Chronic illness requires constant vigilance, so I invited Jesus to speak truth to me.

Balance is required to live the type of examined, tested, Spirit-pleasing, and people-serving lifestyle required of believers, especially when living with less energy. With the Holy Spirit’s help, I realized that toward the end of the year my fatigue drew my focus inward. I relied on myself, not on Jesus. I focused on how awful I felt, rather than on the nearness of Christ.

It’s time to reapply the medicine that has worked in the past:

  1. I desire to pause every day simply to tell Jesus that I love Him. This kindles first love anew and reminds me to rely on Him and not on my own strength.
  2. I need to spend time each day caring for my body. I’ve been neglecting selfcare.
  3. I must determine why it’s now taking three times as long to rebound after times of exertion. Something isn’t right. I have secured an appointment with an autoimmune diagnostic specialist two hours away. We need to treat this disorder, not just swipe at the symptoms. I will pursue every means possible to obtain a diagnosis this year.
  4. My desperate need for God’s Word keeps my daily quiet time a necessity. Pursuit of God is always on the list, but so is resting in the Lord.

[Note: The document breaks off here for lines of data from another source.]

Theorem proposition3p12 (nK dK : nat) (c r eta T : R)
  (hnK : (1 <= nK)%nat) (hdK : (1 <= dK)%nat)
  (hc : 0 < c) (hr : 0 < r) (heta : 0 < eta) (heta2 : eta <= 1/2)
  (h1 : - (1/2) < c - r) (h2 : c - r < - eta) (h3 : - eta < 1 + eta)
  (h4 : 1 + eta < c) (hT : 5/7 <= T) :
  let n := INR nK in
  let d := INR dK in
  let t1 := theta_y c r (1 + eta) in
  let t2 := theta_y c r (- eta) in
  RInt (F_cr nK d c r eta T) 0 PI <=
    n * RInt (fun th => ln (zeta (c + r * cos th))) 0 t1
  + 1 / (2 * (T + 2)) * RInt (fun th => Lstar c r (-1) th) 0 t1
  + t1 * ln (T + 2)
  + n * ln (zeta (1 + eta)) * (t2 - t1)
  + ln (d * (T + 2) ^ nK / (2 * PI) ^ nK) * kappa1 c r eta
  + n / (T + 2) * kappa4 c r eta
  + 1 / (2 * (T + 2)) * RInt (fun th => Lstar c r 1 th) t1 t2
  + (t2 - t1) * ln (3 * (T + 2))
  + n * RInt (fun th => ln (zeta (1 - (c + r * cos th)))) t2 PI
  + 1 / (2 * (T + 2)) * RInt (fun th => Lstar c r (-1) th) t2 PI
  + (PI - t2) * ln (T + 2)
  + n / (T + 2) * kappa5 c r eta.
Proof.
  unfold kappa1, kappa4, kappa5. rewrite (theta_y_below c r (- (1/2))) by lra.
  cbv zeta. set (t1 := theta_y c r (1 + eta)). set (t2 := theta_y c r (- eta)).
  assert (Hd : 0 < INR dK) by (apply lt_0_INR; lia).
  assert (Bt1 : 0 <= t1 <= PI) by apply theta_y_bounds.
  assert (Bt2 : 0 <= t2 <= PI) by apply theta_y_bounds.
  assert (Ht12 : t1 <= t2) by (apply theta_y_antitone; lra).
  destruct (RInt_F_cr_high_le nK (INR dK) c r eta T hr heta hT 0 t1) as [I1 B1];
    [lra | lra | intros th Hth; apply le_theta_y_iff; fold t1; lra |].
  destruct (RInt_F_cr_mid_le nK (INR dK) c r eta T hr hT t1 t2) as [I2 B2];
    [exact Hd | lra | lra | intros th Hth; split |].
  { apply le_theta_y_iff; fold t2; lra. }
  { apply Rnot_le_lt. rewrite <- (le_theta_y_iff c r (1 + eta)); fold t1; lra. }
  destruct (RInt_F_cr_low_le nK (INR dK) c r eta T hr heta hT t2 PI) as [I3 B3];
    [lra | lra | intros th Hth | |].
  { pose proof (COS_bound th). enough (c + r * cos th <= - eta) by nra.
    apply theta_y_le_iff; fold t2; lra. }
  { intros th Hth. apply Rnot_le_lt. rewrite <- (le_theta_y_iff c r (- eta)); fold t2; lra. }
  rewrite <- (RInt_Chasles _ 0 t1 PI I1 (ex_RInt_Chasles _ t1 t2 PI I2 I3)),
          <- (RInt_Chasles _ t1 t2 PI I2 I3).
  unfold plus. simpl. lra.
Qed.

My son-in-law shared an article with me as we discussed the continual fact of our fallen natures, especially when difficulties pile up.

“A friend of mine in ministry once suggested that all human beings are three bad days in a row away from becoming a tabloid headline, and most of us are already on day two. . .We never graduate from our need for a savior.”

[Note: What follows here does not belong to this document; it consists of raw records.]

(* Let $K$ be a commutative unital ring, $G$ a finite groupoid, and $A=\bigoplus_{g\in G}A_g$ a unital $G$-graded $K$-algebra. Let $B=A\#KG^*$. For $g\in G$ put $$E_g=\bigoplus_{l,k\in G,\ d(k)=r(g)}A_l\#v_k\subseteq B,$$ and define $\beta_g:E_{g^{-1}}\to E_g$ by $\beta_g(a_l\#v_k)=a_l\#v_{kg^{-1}}$ for $a_l\in A_l$. Then $\beta=(\{E_g\}_{g\in G},\{\beta_g\}_{g\in G})$ is an action of $G$ on $B$, and $B=\bigoplus_{e\in G_0}E_e$.
   Context: A groupoid is a small category in which every morphism is invertible; we regard it as the set $G$ of its morphisms with the partial multiplication given by composition. For $g\in G$, $d(g)=g^{-1}g$ and $r(g)=gg^{-1}$ are its domain and range identities. The product $gh$ is defined iff $d(g)=r(h)$, and then $d(gh)=d(h)$, $r(gh)=r(g)$. $G^2=\{(g,h): d(g)=r(h)\}$, and $G_0$ is the set of identities. An action of $G$ on a ring $R$ is a pair $\beta=(\{E_g\}_{g\in G},\{\beta_g\}_{g\in G})$ such that: - each $E_g$ is an ideal of $R$ with $E_g=E_{r(g)}$; - each $\beta_g:E_{g^{-1}}\to E_g$ is a ring isomorphism; - $\beta_e=\mathrm{id}_{E_e}$ for $e\in G_0$; - $\beta_g\beta_h(x)=\beta_{gh}(x)$ for all $(g,h)\in G^2$ and $x\in E_{h^{-1}}$. A $G$-graded $K$-algebra is $A=\bigoplus_{g\in G}A_g$ (a direct sum of $K$-submodules) with $A_gA_h\subseteq A_{gh}$ if $(g,h)\in G^2$ and $A_gA_h=0$ otherwise. $KG^*$ is the free $K$-module with basis $\{v_g\}_{g\in G}$ and multiplication $v_gv_h=\delta_{g,h}v_g$, with identity $\sum_g v_g$. It acts on $A$ by $v_h\cdot a=a_h$, the $h$-component of $a$. The weak smash product $A\#KG^*$ is $A\otimes_K KG^*$, with $a\#v_g:=a\otimes v_g$. Its multiplication is $(a\#v_g)(b\#v_h)=a(v_{gh^{-1}}\cdot b)\#v_h$ if $d(g)=d(h)$, and $0$ otherwise. *)

From HB Require Import structures.
From mathcomp Require Import all_boot all_order all_algebra.
Set Implicit Arguments. Unset Strict Implicit. Unset Printing Implicit Defensive.
Import GRing.Theory.
Local Open Scope ring_scope.

(* gd g = g^-1 g (domain), gr g = g g^-1 (range); gmul g h is the product,
   meaningful only when gd g = gr h (its value elsewhere is irrelevant). *)
Record groupoid := Groupoid {
  gcar :> finType;
  gmul : gcar -> gcar -> gcar;
  ginv : gcar -> gcar;
  gd : gcar -> gcar;
  gr : gcar -> gcar;
  gd_def : forall g, gd g = gmul (ginv g) g;
  gr_def : forall g, gr g = gmul g (ginv g);
  gd_inv : forall g, gd (ginv g) = gr g;
  gr_inv : forall g, gr (ginv g) = gd g;
  gd_mul : forall g h, gd g = gr h -> gd (gmul g h) = gd h;
  gr_mul : forall g h, gd g = gr h -> gr (gmul g h) = gr g;
  gmulA : forall g h k, gd g = gr h -> gd h = gr k ->
            gmul (gmul g h) k = gmul g (gmul h k);
  gr_d : forall g, gr (gd g) = gd g;
  gd_r : forall g, gd (gr g) = gr g;
  gmul_d : forall g, gmul g (gd g) = g;
  gmul_r : forall g, gmul (gr g) g = g
}.

Definition gid (G : groupoid) (e : G) : bool := e \in codom (@gd G).

(* Ag g : the homogeneous component A_g (a predicate on A);
   comp h a : the h-component a_h of a (= v_h . a). *)
Definition graded_alg (K : comRingType) (G : groupoid) (A : algType K)
    (Ag : G -> A -> Prop) (comp : G -> A -> A) : Prop :=
  (forall g, Ag g 0) /\
  (forall g x y, Ag g x -> Ag g y -> Ag g (x + y)) /\
  (forall g (c : K) x, Ag g x -> Ag g (c *: x)) /\
  (forall h a, Ag h (comp h a)) /\
  (forall a, a = \sum_(h : G) comp h a) /\
  (forall f : G -> A, (forall g, Ag g (f g)) -> \sum_(g : G) f g = 0 ->
      forall g, f g = 0) /\
  (forall g h x y, Ag g x -> Ag h y -> gd g = gr h -> Ag (gmul g h) (x * y)) /\
  (forall g h x y, Ag g x -> Ag h y -> gd g <> gr h -> x * y = 0).

(* Since KG^* is free on {v_g}, A (x)_K KG^* is identified with {ffun G -> A}:
   F corresponds to \sum_g F g # v_g. *)
Definition smash (K : comRingType) (G : groupoid) (A : algType K) :=
  {ffun G -> A}.

Definition tens (K : comRingType) (G : groupoid) (A : algType K) (a : A) (k : G)
  : smash G A := [ffun j => if j == k then a else 0].

(* (a # v_g)(b # v_h) = a (v_{g h^-1} . b) # v_h if d g = d h, 0 otherwise,
   extended bilinearly. *)
Definition smash_mul (K : comRingType) (G : groupoid) (A : algType K)
    (comp : G -> A -> A) (F1 F2 : smash G A) : smash G A :=
  [ffun h => \sum_(g : G | gd g == gd h) F1 g * comp (gmul g (ginv h)) (F2 h)].

Definition Eg (K : comRingType) (G : groupoid) (A : algType K)
    (Ag : G -> A -> Prop) (g : G) (F : smash G A) : Prop :=
  exists c : G -> G -> A,
    (forall l k, Ag l (c l k)) /\
    (forall l k, gd k <> gr g -> c l k = 0) /\
    F = \sum_(l : G) \sum_(k : G) tens (c l k) k.

(* beta_g (a_l # v_k) = a_l # v_{k g^-1}, extended additively on E_{g^-1}
   (elements of E_{g^-1} are supported on k with d k = d g). *)
Definition beta (K : comRingType) (G : groupoid) (A : algType K)
    (g : G) (F : smash G A) : smash G A :=
  \sum_(k : G | gd k == gd g) tens (F k) (gmul k (ginv g)).

Definition is_ideal (R : zmodType) (mul : R -> R -> R) (I : R -> Prop) : Prop :=
  I 0 /\ (forall x y, I x -> I y -> I (x - y)) /\
  (forall b x, I x -> I (mul b x) /\ I (mul x b)).

Definition ring_iso_on (R : zmodType) (mul : R -> R -> R) (P Q : R -> Prop)
    (f : R -> R) : Prop :=
  (forall x, P x -> Q (f x)) /\
  (forall x y, P x -> P y -> f x = f y -> x = y) /\
  (forall y, Q y -> exists2 x, P x & f x = y) /\
  (forall x y, P x -> P y -> f (x + y) = f x + f y) /\
  (forall x y, P x -> P y -> f (mul x y) = mul (f x) (f y)).

Definition groupoid_action (G : groupoid) (R : zmodType) (mul : R -> R -> R)
    (E : G -> R -> Prop) (b : G -> R -> R) : Prop :=
  (forall g, is_ideal mul (E g)) /\
  (forall g x, E g x <-> E (gr g) x) /\
  (forall g, ring_iso_on mul (E (ginv g)) (E g) (b g)) /\
  (forall e, gid e -> forall x, E e x -> b e x = x) /\
  (forall g h, gd g = gr h -> forall x, E (ginv h) x ->
      b g (b h x) = b (gmul g h) x).

Definition internal_direct_sum (G : groupoid) (R : zmodType) (P : pred G)
    (E : G -> R -> Prop) : Prop :=
  (forall x, exists2 f : G -> R, (forall e, P e -> E e (f e)) &
       x = \sum_(e | P e) f e) /\
  (forall f : G -> R, (forall e, P e -> E e (f e)) ->
       \sum_(e | P e) f e = 0 -> forall e, P e -> f e = 0).

From HB Require Import structures.
From mathcomp Require Import all_boot all_order all_algebra.
Set Implicit Arguments. Unset Strict Implicit. Unset Printing Implicit Defensive.
Import GRing.Theory.
Local Open Scope ring_scope.

(* The key observation is that E_g has a description
   that no longer mentions the grading: F lies in E_g iff F is supported on
   the fibre {k | d k = r g} (lemma Eg_supportP; this uses only that every
   element of A is the sum of its homogeneous components).  Likewise beta_g
   has the pointwise formula  (beta_g F) j = F (j g)  if d j = r g, and 0
   otherwise (lemma betaE).  With these two descriptions every axiom of an
   action becomes a computation on fibres:
   - E_g is an ideal and depends only on r g;
   - beta_g is a bijective additive map E_{g^-1} -> E_g with inverse
     j |-> F (j g^-1), multiplicative by a reindexing h |-> h g of the sum
     defining the product;
   - beta_e = id for identities e, and beta_g beta_h = beta_{gh};
   - B is the direct sum of the fibres over the identities e in G_0. *)

Section GroupoidFacts.
Variable G : groupoid.
Implicit Types e g h j k : G.

Lemma gr_gr g : gr (gr g) = gr g.
Proof. by rewrite -(gd_inv g) gr_d. Qed.

Lemma gd_gd g : gd (gd g) = gd g.
Proof. by rewrite -(gr_inv g) gd_r. Qed.

Lemma gid_dr e : gid e -> gr e = e /\ gd e = e.
Proof. by case/codomP => m ->; rewrite gr_d gd_gd. Qed.

Lemma gd_mulinv k g : gd k = gd g -> gd (gmul k (ginv g)) = gr g.
Proof. by move=> dk; rewrite gd_mul ?gd_inv // gr_inv. Qed.

Lemma mulinvK k g : gd k = gd g -> gmul (gmul k (ginv g)) g = k.
Proof. by move=> dk; rewrite gmulA ?gr_inv ?gd_inv // -gd_def -dk gmul_d. Qed.

Lemma mulK j g : gd j = gr g -> gmul (gmul j g) (ginv g) = j.
Proof. by move=> dj; rewrite gmulA ?gr_inv ?gd_inv // -gr_def -dj gmul_d. Qed.

(* (j g)^-1 = g^-1 j^-1, shown by uniqueness of inverses. *)
Lemma ginv_mul j g : gd j = gr g -> ginv (gmul j g) = gmul (ginv g) (ginv j).
Proof.
move=> dj; set m := gmul j g; set n := gmul (ginv g) (ginv j).
have dgi : gd (ginv g) = gr (ginv j) by rewrite gd_inv gr_inv dj.
have rn : gr n = gd g by rewrite gr_mul // gr_inv.
have dm : gd m = gd g by rewrite gd_mul.
have mn : gmul m n = gr m.
  rewrite /m gmulA // -(@gmulA _ g) ?dgi ?gr_inv //.
  by rewrite -gr_def -dj -(gr_inv j) gmul_r -gr_def gr_mul.
have -> : ginv m = gmul (ginv m) (gr m) by rewrite -gd_inv gmul_d.
rewrite -mn -gmulA ?gr_inv ?gd_inv ?dm ?rn //.
by rewrite -gd_def dm -rn gmul_r.
Qed.

(* Translating both h and j on the right by g does not change h j^-1;
   this is what makes beta_g multiplicative. *)
Lemma mul_shift_inv h j g : gd h = gr g -> gd j = gr g ->
  gmul (gmul h g) (ginv (gmul j g)) = gmul h (ginv j).
Proof.
move=> dh dj; have dgi : gd (ginv g) = gr (ginv j) by rewrite gd_inv gr_inv dj.
have rgj : gr (gmul (ginv g) (ginv j)) = gd g by rewrite gr_mul // gr_inv.
rewrite ginv_mul // gmulA ?rgj // -(@gmulA _ g) ?dgi ?gr_inv //.
by rewrite -gr_def -dj -(gr_inv j) gmul_r.
Qed.

End GroupoidFacts.

Section SmashProductAction.
Variables (K : comRingType) (G : groupoid) (A : algType K)
    (Ag : G -> A -> Prop) (comp : G -> A -> A).
Hypothesis HA : graded_alg Ag comp.
Implicit Types (e g h j k : G) (F x y : smash G A).

(* The components of 0 vanish, by uniqueness of the homogeneous decomposition. *)
Lemma comp0 h : comp h 0 = 0.
Proof.
case: HA => _ [_ [_ [compA [sum_comp [uniq_dec _]]]]].
by apply: (uniq_dec (fun h => comp h 0)) => //; rewrite -sum_comp.
Qed.

Lemma sum_tensE (c : G -> G -> A) j :
  (\sum_l \sum_k tens (c l k) k) j = \sum_l c l j.
Proof.
rewrite sum_ffunE; apply: eq_bigr => l _; rewrite sum_ffunE (bigD1 j) //=.
rewrite ffunE eqxx big1 ?addr0 // => k /negbTE kj.
by rewrite ffunE eq_sym kj.
Qed.

Lemma Eg_supportP g F : Eg Ag g F <-> (forall k, gd k != gr g -> F k = 0).
Proof.
case: HA => Ag0 [_ [_ [compA [sum_comp _]]]]; split.
  case=> c [_ [c0 ->]] k /eqP dk; rewrite sum_tensE big1 // => l _.
  exact: c0.
move=> Fsupp; exists (fun l k => if gd k == gr g then comp l (F k) else 0).
split; first by move=> l k; case: ifP => _; [exact: compA | exact: Ag0].
split; first by move=> l k /eqP/negbTE ->.
apply/ffunP => j; rewrite sum_tensE; case: (boolP (gd j == gr g)) => dj.
  by rewrite (eq_bigr (fun l => comp l (F j))) -?sum_comp // => l _; rewrite dj.
by rewrite Fsupp // big1 // => l _; rewrite (negbTE dj).
Qed.

Lemma Eginv_supportP g F :
  Eg Ag (ginv g) F <-> (forall k, gd k != gd g -> F k = 0).
Proof.
split=> [/Eg_supportP F0 k|F0]; first by rewrite -(gr_inv g); exact: F0.
by apply/Eg_supportP => k; rewrite gr_inv; exact: F0.
Qed.

Lemma betaE g F j : beta g F j = if gd j == gr g then F (gmul j g) else 0.
Proof.
rewrite /beta sum_ffunE; case: ifP => dj.
  have djg : gd (gmul j g) == gd g by rewrite gd_mul ?(eqP dj).
  rewrite (bigD1 (gmul j g)) //= ffunE mulK ?(eqP dj) // eqxx big1 ?addr0 //.
  move=> k /andP [/eqP dk kj]; rewrite ffunE; case: eqP => // jk.
  by move: kj; rewrite jk mulinvK // eqxx.
rewrite big1 // => k /eqP dk; rewrite ffunE; case: eqP => // jk.
by move: dj; rewrite jk gd_mulinv // eqxx.
Qed.

Lemma Eg_ideal g : is_ideal (smash_mul comp) (Eg Ag g).
Proof.
split; first by apply/Eg_supportP => k _; rewrite ffunE.
split.
  move=> x y /Eg_supportP x0 /Eg_supportP y0; apply/Eg_supportP => k dk.
  by rewrite !ffunE x0 // y0 // subr0.
move=> b x /Eg_supportP x0; split; apply/Eg_supportP => k dk; rewrite ffunE.
  by rewrite big1 // => l _; rewrite x0 // comp0 mulr0.
by rewrite big1 // => l /eqP dl; rewrite x0 ?mul0r // dl.
Qed.

Lemma Eg_gr g F : Eg Ag g F <-> Eg Ag (gr g) F.
Proof.
split=> /Eg_supportP F0; apply/Eg_supportP => k dk; apply: F0; by rewrite ?gr_gr in dk *.
Qed.

(* beta_g is multiplicative (on all of B): reindex the product sum by h |-> h g. *)
Lemma beta_mul g x y :
  beta g (smash_mul comp x y) = smash_mul comp (beta g x) (beta g y).
Proof.
apply/ffunP => j; rewrite betaE !ffunE (betaE g y).
case: (eqVneq (gd j) (gr g)) => dj; last first.
  by rewrite big1 // => h _; rewrite comp0 mulr0.
have djg : gd (gmul j g) = gd g by rewrite gd_mul.
rewrite (reindex_onto (fun h => gmul h g) (fun h => gmul h (ginv g))) /=;
  last by move=> h /eqP; rewrite djg => /mulinvK.
(* After reindexing, h ranges over the fibre d h = r g = d j. *)
have fibre h : gd (gmul h g) = gd (gmul j g) -> gmul (gmul h g) (ginv g) = h ->
    gd h = gr g.
  by move=> dhg <-; rewrite gd_mulinv // dhg djg.
apply: eq_big => [h|h /andP [/eqP dhg /eqP hgK]].
  apply/idP/idP => [/andP [/eqP dhg /eqP hgK]|/eqP dh].
    by rewrite (fibre h dhg hgK) dj.
  have {}dh : gd h = gr g by rewrite dh dj.
  by rewrite gd_mul // djg mulK // !eqxx.
have dh := fibre h dhg hgK.
by rewrite betaE dh eqxx mul_shift_inv.
Qed.

(* beta_g restricts to a ring isomorphism E_{g^-1} -> E_g,
   with inverse F |-> (k |-> F (k g^-1)) on the fibre d = d g. *)
Lemma beta_iso g : ring_iso_on (smash_mul comp) (Eg Ag (ginv g)) (Eg Ag g) (beta g).
Proof.
split; first by move=> x _; apply/Eg_supportP => j /negbTE dj; rewrite betaE dj.
split.
  move=> x y /Eginv_supportP x0 /Eginv_supportP y0 /ffunP bxy; apply/ffunP => k.
  case: (eqVneq (gd k) (gd g)) => dk; last by rewrite x0 // y0.
  by move: (bxy (gmul k (ginv g))); rewrite !betaE gd_mulinv // eqxx mulinvK.
split.
  move=> y /Eg_supportP y0.
  exists [ffun k => if gd k == gd g then y (gmul k (ginv g)) else 0].
    by apply/Eginv_supportP => k /negbTE dk; rewrite ffunE dk.
  apply/ffunP => j; rewrite betaE; case: (eqVneq (gd j) (gr g)) => dj.
    by rewrite ffunE gd_mul ?dj // eqxx mulK.
  by rewrite y0.
split; last by move=> x y _ _; exact: beta_mul.
by move=> x y _ _; apply/ffunP => j; rewrite !(betaE, ffunE); case: ifP; rewrite ?addr0.
Qed.

Lemma beta_id e x : gid e -> Eg Ag e x -> beta e x = x.
Proof.
move=> /gid_dr [re de] /Eg_supportP x0; apply/ffunP => j; rewrite betaE re.
case: (eqVneq (gd j) e) => dj; first by rewrite -dj gmul_d.
by rewrite x0 // re.
Qed.

Lemma beta_comp g h x : gd g = gr h -> beta g (beta h x) = beta (gmul g h) x.
Proof.
move=> dg; apply/ffunP => j; rewrite !betaE gr_mul //.
case: (eqVneq (gd j) (gr g)) => dj //.
by rewrite gd_mul ?dj // dg eqxx gmulA.
Qed.

Lemma beta_action : groupoid_action (smash_mul comp) (Eg Ag) (@beta K G A).
Proof.
split; first exact: Eg_ideal.
split; first exact: Eg_gr.
split; first exact: beta_iso.
split; first by move=> e ide x; exact: beta_id.
by move=> g h dg x _; exact: beta_comp.
Qed.

(* B is the direct sum of the E_e over the identities: split F along the
   fibres of d, which are indexed by G_0. *)
Lemma Eg_direct_sum : internal_direct_sum (@gid G) (Eg Ag).
Proof.
split.
  move=> x; exists (fun e => [ffun k => if gd k == e then x k else 0]).
    move=> e /gid_dr [re _]; apply/Eg_supportP => k.
    by rewrite re ffunE => /negbTE ->.
  apply/ffunP => k; rewrite sum_ffunE (bigD1 (gd k)) /=; last exact: codom_f.
  rewrite ffunE eqxx big1 ?addr0 // => e /andP [_ ek].
  by rewrite ffunE eq_sym (negbTE ek).
move=> f fE sum0 e ide; apply/ffunP => k; rewrite ffunE.
have [re _] := gid_dr ide.
case: (eqVneq (gd k) e) => dk; last by move/Eg_supportP: (fE e ide) => ->; rewrite ?re.
move/ffunP: sum0 => /(_ k); rewrite sum_ffunE ffunE (bigD1 e) //= big1 ?addr0 //.
move=> e' /andP [ide' e'e]; move/Eg_supportP: (fE e' ide') => -> //.
by have [-> _] := gid_dr ide'; rewrite dk eq_sym.
Qed.

End SmashProductAction.

Theorem proposition2p4 (K : comRingType) (G : groupoid) (A : algType K)
    (Ag : G -> A -> Prop) (comp : G -> A -> A)
    (HA : graded_alg Ag comp) :
  groupoid_action (smash_mul comp) (Eg Ag) (@beta K G A) /\
  internal_direct_sum (@gid G) (Eg Ag).
Proof. by split; [exact: beta_action HA | exact: Eg_direct_sum HA]. Qed.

it's in the globe, so it must be true!Creative Commons License debaird™ via Compfight

No matter who we are, 1 Corinthians 10:12-13 is true. We must cling to Christ. Our resolutions must focus here:

“If you think you are standing strong, be careful not to fall. The temptations in your life are no different from what others experience. And God is faithful. He will not allow the temptation to be more than you can stand. When you are tempted, he will show you a way out so that you can endure.”

This is truth. Do I believe it? How close am I to becoming a tabloid headline? 

Those first four resolutions are a bedrock for me this year: I will grab God’s way of escape.

If I feel my heart growing cold, yet I don’t heed the warning signs, turn from my self-reliance, and/or listen to the needs of my body, and then, as a result, I slide further into worsening health and self-pity, have I grabbed the way of escape? No!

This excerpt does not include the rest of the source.